I did a radio interview last Saturday talking about the IT job market. We covered the standard message points: lots of open jobs in some regions but very few in others, not enough skilled people to fill them wherever they seem to be, and employers being very picky and specific about who they are hiring. But the point I kept coming back to in my own mind was when will the U.S. labor market hit a tipping point?
Unemployment is almost always a lagging indicator during post-recession periods of growth. Employers keep things close to the vest, having found they tread water with fewer resources. At some point, however, the outlook turns and they begin to focus on growth, new opportunities and the staff they need to take advantage of them.

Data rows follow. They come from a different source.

Lemma mem_preimages (p : seq opart) : p \in preimages t mu <-> in_Gt t p /\ phi t p = mu.
Proof.
rewrite !mem_cat mem_nseq lt0b; split=> [|[p_Gt phi_p]].
  case/or3P=> [/andP[nu_gt0 /eqP->] | |].
    by apply: preimage_correct => //; rewrite leqnn leq_addr.
  1,2: move=> /mapP[N]; rewrite mem_iota => /andP[lt_N N_lt] ->.
  1,2: by apply: preimage_correct; [lia | apply/andP; split; lia].
have [b [p_eq /andP[nu_le le_nu]]] := preimage_complete p_Gt phi_p.
have p_gt0 : 0 < size p by case/and4P: p_Gt => _; rewrite lt0n size_eq0.
case: (ltngtP (size nu) (size p)) => [lt_p | | eq_p]; last 2 first.
- by rewrite ltnNge nu_le.
- have p_nu : p = preimage t mu (size nu) false by rewrite p_eq /preimage -eq_p subnn.
  by rewrite -p_nu eq_p p_gt0 eqxx.
have p_in : size p \in iota (size nu).+1 m by rewrite mem_iota; lia.
by case: b p_eq => ->; rewrite (map_f _ p_in) ?orbT.
Qed.

Lemma uniq_preimages : uniq (preimages t mu).
Proof.
have inj b : {in iota (size nu).+1 m &, injective (fun N => preimage t mu N b)}.
  move=> N N'; rewrite !mem_iota => /andP[lt_N _] /andP[lt_N' _] /eqP.
  by rewrite eq_preimage ?(ltnW lt_N') // => /andP[/eqP].
rewrite cat_uniq; apply/and3P; split; first by case: (0 < _).
  apply/hasP => -[q]; rewrite mem_cat mem_nseq => /orP[] /mapP[N];
  by rewrite mem_iota => /andP[lt_N _] -> /andP[_]; rewrite eq_preimage // (gtn_eqF lt_N).
rewrite cat_uniq !map_inj_in_uniq ?iota_uniq ?andbT //.
apply/hasP => -[q] /mapP[N]; rewrite mem_iota => /andP[lt_N _] -> /mapP[N'].
by rewrite mem_iota => /andP[lt_N' _] /eqP; rewrite eq_preimage ?(ltnW lt_N') //= andbF.
Qed.

End Preimages.

Theorem mainTheorem5 (t : nat) (mu : seq opart) :
  0 < t -> in_Pt t mu ->
  exists L : seq (seq opart),
    uniq L /\ (forall p, p \in L <-> (in_Gt t p /\ phi t p = mu)) /\
    (size mu = mult_t t mu ->
       [/\ size L = 2 * mult_t t mu,
           count (fun p => n_over p == 0) L = mult_t t mu &
           count smallest_overlined L = mult_t t mu]) /\
    (size mu > mult_t t mu ->
       [/\ size L = 2 * mult_t t mu + 1,
           count (fun p => n_over p == n_over mu) L = mult_t t mu + 1 &
           count (fun p => n_over p == (n_over mu).+1) L = mult_t t mu]).
Proof.
move=> t_gt0 mu_Pt; exists (preimages t mu).
split; first exact: uniq_preimages.
split; first exact: mem_preimages.
have size_mu := size_small_parts _ _ mu_Pt; have over_gt := n_over_preimage_gt _ _ mu_Pt.
split=> size_m; rewrite -count_predT.
  have nu0 : small_parts t mu = [::] by apply/size0nil; lia.
  have over0 : n_over mu = 0 by rewrite (n_over_small_parts _ _ mu_Pt) nu0.
  split.
  - by rewrite (count_preimages _ _ _ (fun=> true)) // nu0 /= add0n.
  - rewrite (count_preimages _ _ _ negb) => [|N b /andP[lt_N _]]; first by rewrite nu0 /= mul1n.
    by rewrite over_gt // over0; case: b.
  - rewrite (count_preimages _ _ _ id) => [|N b /andP[lt_N _]]; first by rewrite nu0 /= mul1n.
    by rewrite smallest_overlined_preimage //; lia.
have nu_gt0 : 0 < size (small_parts t mu) by lia.
split.
- by rewrite (count_preimages _ _ _ (fun=> true)) // nu_gt0 addnC.
- rewrite (count_preimages _ _ _ negb) => [|N b /andP[lt_N _]].
    by rewrite nu_gt0 n_over_preimage_nu // eqxx /= mul1n addnC.
  by rewrite over_gt //; case: b; rewrite ?addn0 ?addn1 ?eqxx ?(gtn_eqF (ltnSn _)).
- rewrite (count_preimages _ _ _ id) => [|N b /andP[lt_N _]].
    by rewrite nu_gt0 n_over_preimage_nu // (ltn_eqF (ltnSn _)) /= mul1n.
  by rewrite over_gt //; case: b; rewrite ?addn0 ?addn1 ?eqxx ?(ltn_eqF (ltnSn _)).
Qed.
Lemma is_subrep_feta0 : feta_mx = 0 -> is_subrep V 1%:M 0 0.
Proof. by move=> F0 i; rewrite -row_feta_mx F0 row0 mulmx0 mul0mx !sub0mx. Qed.

Lemma is_subrep_gphi0 : gphi_mx = 0 -> is_subrep V 1%:M 1%:M 0.
Proof. by move=> G0 i; rewrite -col_gphi_mx G0 col0 mulmx0 sub0mx submx1. Qed.

Lemma subrep_mul_gphi0 Um U0 : is_subrep V Um U0 0 -> U0 *m gphi_mx = 0.
Proof.
move=> sub; apply/matrixP => r i; have [_] := sub i.
by rewrite submx0 mulmx_g_phi => /eqP/colP/(_ r); rewrite !mxE.
Qed.

Lemma subrep_feta_sub Um U0 Up :
  is_subrep V Um U0 Up -> Um \in unitmx -> (feta_mx <= U0)%MS.
Proof.
move=> sub Um_unit; apply/row_subP => i.
rewrite row_feta_mx -(mulKmx Um_unit (f_eta V i)).
by apply: submx_trans (submxMl _ _) _; case: (sub i).
Qed.

End Rep141Matrices.

Lemma theta_of_dotE (a c : RR) (dm d0 dp : nat) :
  theta_dot (theta_of a c) dm d0 dp
  = a * (dm%:R - dp%:R) + (a + c) / 4%:R * (4%:R * dp%:R - d0%:R).
Proof. by rewrite /theta_dot /=; field. Qed.

Section Semistability.
Variables (V : rep141) (a c : RR).

Lemma semistable_gphi_unit : 0 < a -> c < - a ->
  theta_semistable (theta_of a c) V -> gphi_mx V \in unitmx /\ feta_mx V != 0.
Proof.
move=> a_gt0 lt_c_Na [_ semiV]; split.
  apply: contraT => G_nunit.
  have k_gt0 : (0 < \rank (kermx (gphi_mx V)))%N.
    move: G_nunit; rewrite -row_free_unit /row_free mxrank_ker subn_gt0 ltn_neqAle.
    by rewrite rank_leq_row andbT.
  have := semiV _ _ _ (is_subrep_kermx_gphi V); rewrite /= mxrank0 !xpair_eqE /=.
  rewrite eqxx andbT -lt0n k_gt0 theta_of_dotE => /(_ isT isT).
  have : 0 < (\rank (kermx (gphi_mx V)))%:R :> RR by rewrite ltr0n.
  nra.
apply: contraT => /negPn/eqP F0.
have := semiV _ _ _ (is_subrep_feta0 F0); rewrite /= !mxrank0 mxrank1 theta_of_dotE.
move=> /(_ isT isT); nra.
Qed.

Lemma semistable_of_gphi_unit : 0 < a -> c < - a ->
  gphi_mx V \in unitmx -> feta_mx V != 0 -> theta_semistable (theta_of a c) V.
Proof.
move=> a_gt0 lt_c_Na; rewrite -row_free_unit => G_free F_neq0.
split=> [|Um U0 Up sub /= d_neq0 _].
  by rewrite theta_of_dotE; lra.
have [[Up0 rkUp] | [_ rkUp]] := mx11_rank_cases Up.
  rewrite Up0 in sub.
  have U00 : U0 = 0.
    by apply/eqP; rewrite -(mulmx_free_eq0 _ G_free) (subrep_mul_gphi0 sub).
  have [[_ rkUm] | [Um_unit _]] := mx11_rank_cases Um.
    by move: d_neq0; rewrite rkUm rkUp U00 mxrank0.
  by move: F_neq0; rewrite -submx0 -U00 (subrep_feta_sub sub Um_unit).
have : (\rank Um)%:R <= 1%:R :> RR /\ (\rank U0)%:R <= 4%:R :> RR.
  by split; rewrite ler_nat rank_leq_row.
rewrite theta_of_dotE rkUp; nra.
Qed.

Lemma semistable_feta_unit : c < 0 -> - a < c ->
  theta_semistable (theta_of a c) V -> feta_mx V \in unitmx /\ gphi_mx V != 0.
Proof.
move=> c_lt0 lt_Na_c [_ semiV]; split.
  apply: contraT; rewrite -row_free_unit /row_free => rkF_neq4.
  have := semiV _ _ _ (is_subrep_feta_mx V); rewrite /= mxrank1 !xpair_eqE /=.
  rewrite eqxx andbT (negbTE rkF_neq4) theta_of_dotE => /(_ isT isT).
  have : (\rank (feta_mx V))%:R < 4%:R :> RR.
    by rewrite ltr_nat ltn_neqAle rkF_neq4 rank_leq_row.
  nra.
apply: contraT => /negPn/eqP G0.
have := semiV _ _ _ (is_subrep_gphi0 G0); rewrite /= mxrank0 !mxrank1 theta_of_dotE.
move=> /(_ isT isT); nra.
Qed.

Lemma semistable_of_feta_unit : c < 0 -> - a < c ->
  feta_mx V \in unitmx -> gphi_mx V != 0 -> theta_semistable (theta_of a c) V.
Proof.
move=> c_lt0 lt_Na_c F_unit G_neq0; split=> [|Um U0 Up sub /= _ d_neq_full].
  by rewrite theta_of_dotE; lra.
have [[_ rkUm] | [Um_unit rkUm]] := mx11_rank_cases Um.
  have : (\rank Up)%:R <= 1%:R :> RR by rewrite ler_nat rank_leq_row.
  have := ler0n RR (\rank Up); have := ler0n RR (\rank U0).
  rewrite theta_of_dotE rkUm; nra.
have U0_unit : U0 \in unitmx.
  rewrite -row_full_unit -sub1mx (submx_trans _ (subrep_feta_sub sub Um_unit)) //.
  by rewrite sub1mx row_full_unit.
have [[Up0 _] | [_ rkUp]] := mx11_rank_cases Up.
  rewrite Up0 in sub.
  by rewrite -(mulKmx U0_unit (gphi_mx V)) (subrep_mul_gphi0 sub) mulmx0 eqxx in G_neq0.
by move: d_neq_full; rewrite rkUm rkUp (mxrank_unit U0_unit).
Qed.

End Semistability.
Lemma cvg_coupled_charge_l i :
  Defs.charge f circ mc lc (wc g) linf (sumf J1 J2) (zeta g (lshift M2 i)) @[g --> (0 : R)^'] -->
  Defs.charge f circ m1 l1 z1 linf J1 (zeta1 i).
Proof.
have [_ cvg_l _] := zeta_ordering; have [_ /(_ i)[_ [_ dtwist0]] _] := zeta1_zeros.
have J1_integrable a b p q : (p < m1 a)%N -> (q < m1 b)%N ->
    cintegrable circ (fun x => kappa f (J1 a p x) (J1 b q x)).
  exact: (@J_integrable (inl a) (inl b) p q).
rewrite (charge_inv_dist l1 linf J1_integrable (@zeta1_nonpole i)).
rewrite -(dtwist_v_sumf_l m1 m2 l1 l2) -(quad_v_sumf_l m1 m2 f circ J1 J2).
apply: (cvg_charge linf J_integrable (near_zeta_nonpole _)).
  exact: (cvg_inv_dist_cpos_l z2 (@zeta1_nonpole i) (cvg_l i)).
by rewrite dtwist_v_sumf_l -(derive1_twist m1 l1 linf) //; exact: zeta1_nonpole.
Qed.

Lemma cvg_coupled_charge_r j :
  Defs.charge f circ mc lc (wc g) linf (sumf J1 J2) (zeta g (rshift M1 j)) @[g --> (0 : R)^'] -->
  Defs.charge f circ m2 l2 z2 linf J2 (zeta2 j).
Proof.
have [_ _ cvg_r] := zeta_ordering; have [_ /(_ j)[_ [_ dtwist0]] _] := zeta2_zeros.
have J2_integrable a b p q : (p < m2 a)%N -> (q < m2 b)%N ->
    cintegrable circ (fun x => kappa f (J2 a p x) (J2 b q x)).
  exact: (@J_integrable (inr a) (inr b) p q).
rewrite (charge_inv_dist l2 linf J2_integrable (@zeta2_nonpole j)).
rewrite -(dtwist_v_sumf_r m1 m2 l1 l2) -(quad_v_sumf_r m1 m2 f circ J1 J2).
apply: (cvg_charge linf J_integrable (near_zeta_nonpole _)).
  exact: (cvg_inv_dist_cpos_r z1 (@zeta2_nonpole j) (cvg_r j)).
by rewrite dtwist_v_sumf_r -(derive1_twist m2 l2 linf) //; exact: zeta2_nonpole.
Qed.

Lemma cvg_coupled_hamiltonian (eps1 : 'I_M1 -> C) (eps2 : 'I_M2 -> C) :
  hamiltonian f circ mc lc (wc g) linf (sumf J1 J2) (zeta g) (sum_idx eps1 eps2)
    @[g --> (0 : R)^'] -->
  hamiltonian f circ m1 l1 z1 linf J1 zeta1 eps1 + hamiltonian f circ m2 l2 z2 linf J2 zeta2 eps2.
Proof.
under eq_fun do rewrite hamiltonian_sum_idx.
apply: cvgD; apply: cvg_sumr => i; apply: cvgM (cvg_cst _) _.
  exact: cvg_coupled_charge_l.
exact: cvg_coupled_charge_r.
Qed.

End CoupledCharges.

End CoupledModel.

Theorem theorem2p1 (R : realType) (n : nat) (f : 'I_n -> 'I_n -> 'I_n -> R[i])
    (tau : 'rV[R[i]]_n -> 'rV[R[i]]_n) (circ : option R) (linf : R)
    (S1 S2 : finType) (sg1 : S1 -> S1) (sg2 : S2 -> S2)
    (m1 : S1 -> nat) (m2 : S2 -> nat)
    (l1 : S1 -> nat -> R[i]) (l2 : S2 -> nat -> R[i])
    (z1 : S1 -> R[i]) (z2 : S2 -> R[i])
    (zeta1 : 'I_(nsum m1) -> R[i]) (zeta2 : 'I_(nsum m2) -> R[i])
    (eps1 : 'I_(nsum m1) -> R[i]) (eps2 : 'I_(nsum m2) -> R[i]) :
  is_simple_lie f ->
  is_real_form f tau ->
  (forall L, circ = Some L -> 0 < L) ->
  linf != 0 ->
  is_realisation sg1 m1 l1 z1 ->
  is_realisation sg2 m2 l2 z2 ->
  simple_zero_enum (twist m1 l1 z1 linf) (range z1) zeta1 ->
  simple_zero_enum (twist m2 l2 z2 linf) (range z2) zeta2 ->
  (exists zeta : R -> 'I_(nsum m1 + nsum m2) -> R[i],
      coupled_zero_ordering m1 m2 l1 l2 z1 z2 linf zeta1 zeta2 zeta) /\
  (forall zeta : R -> 'I_(nsum m1 + nsum m2) -> R[i],
      coupled_zero_ordering m1 m2 l1 l2 z1 z2 linf zeta1 zeta2 zeta ->
      forall (J1 : S1 -> nat -> R -> 'rV[R[i]]_n) (J2 : S2 -> nat -> R -> 'rV[R[i]]_n),
        admissible_config f tau circ (sum_sg sg1 sg2) (sumf m1 m2) (sumf J1 J2) ->
        hamiltonian f circ (sumf m1 m2) (sumf l1 l2) (cpos z1 z2 g) linf (sumf J1 J2)
                    (zeta g) (sum_idx eps1 eps2)
          @[g --> (0 : R)^'] -->
        hamiltonian f circ m1 l1 z1 linf J1 zeta1 eps1
        + hamiltonian f circ m2 l2 z2 linf J2 zeta2 eps2).
Proof.
move=> _ _ _ linf_neq0 _ _ zeta1_zeros zeta2_zeros; split.
  exact: (exists_coupled_zero_ordering linf_neq0 zeta1_zeros zeta2_zeros).
move=> zeta zeta_ordering J1 J2 [_ _ J_integrable].
exact: (cvg_coupled_hamiltonian zeta1_zeros zeta2_zeros zeta_ordering J_integrable).
Qed.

Each quarter we release our IT business confidence index and one of the main components of the measure is intent to hire. We break it down by size of company to get an even more detailed picture.
Quarter after quarter the results keep showing the same thing, consistent intent to hire, even growing intent among small and medium IT firms, but where’s the follow-through? Where’s the tipping point?
A common misperception about IT jobs is that everyone working in IT is working for an IT company, and in particular a big name Fortune 500 IT standard-bearer. The reality is at the other end of the spectrum. Most people in IT work in an IT job for a non-IT company or they work for a small IT shop serving mostly other small companies.
This phenomenon diffuses the market and keeps it as stable and attractive a profession as one could hope for. Skilled IT professionals are highly valued and always in demand. But where is the tipping point signaling growth of opportunity for hundreds of thousands of new entrants to the IT workforce? We need confidence in small businesses of all shapes and sizes to power IT job growth.
I don’t have all the answers, but I can say a tipping point can’t be reached entirely by innovation in IT offerings. Cloud computing, the need for greater security, sophisticated mobile devices and social media have all created great opportunities to morph business models and change paradigms, setting the stage for the future. Those tremendous innovations alone cannot muster confidence in a small business CEO, loosen the purse strings of banks, or magically bring a moribund national psyche to the simultaneous consensus that tomorrow will be better, and the day after and the day after that.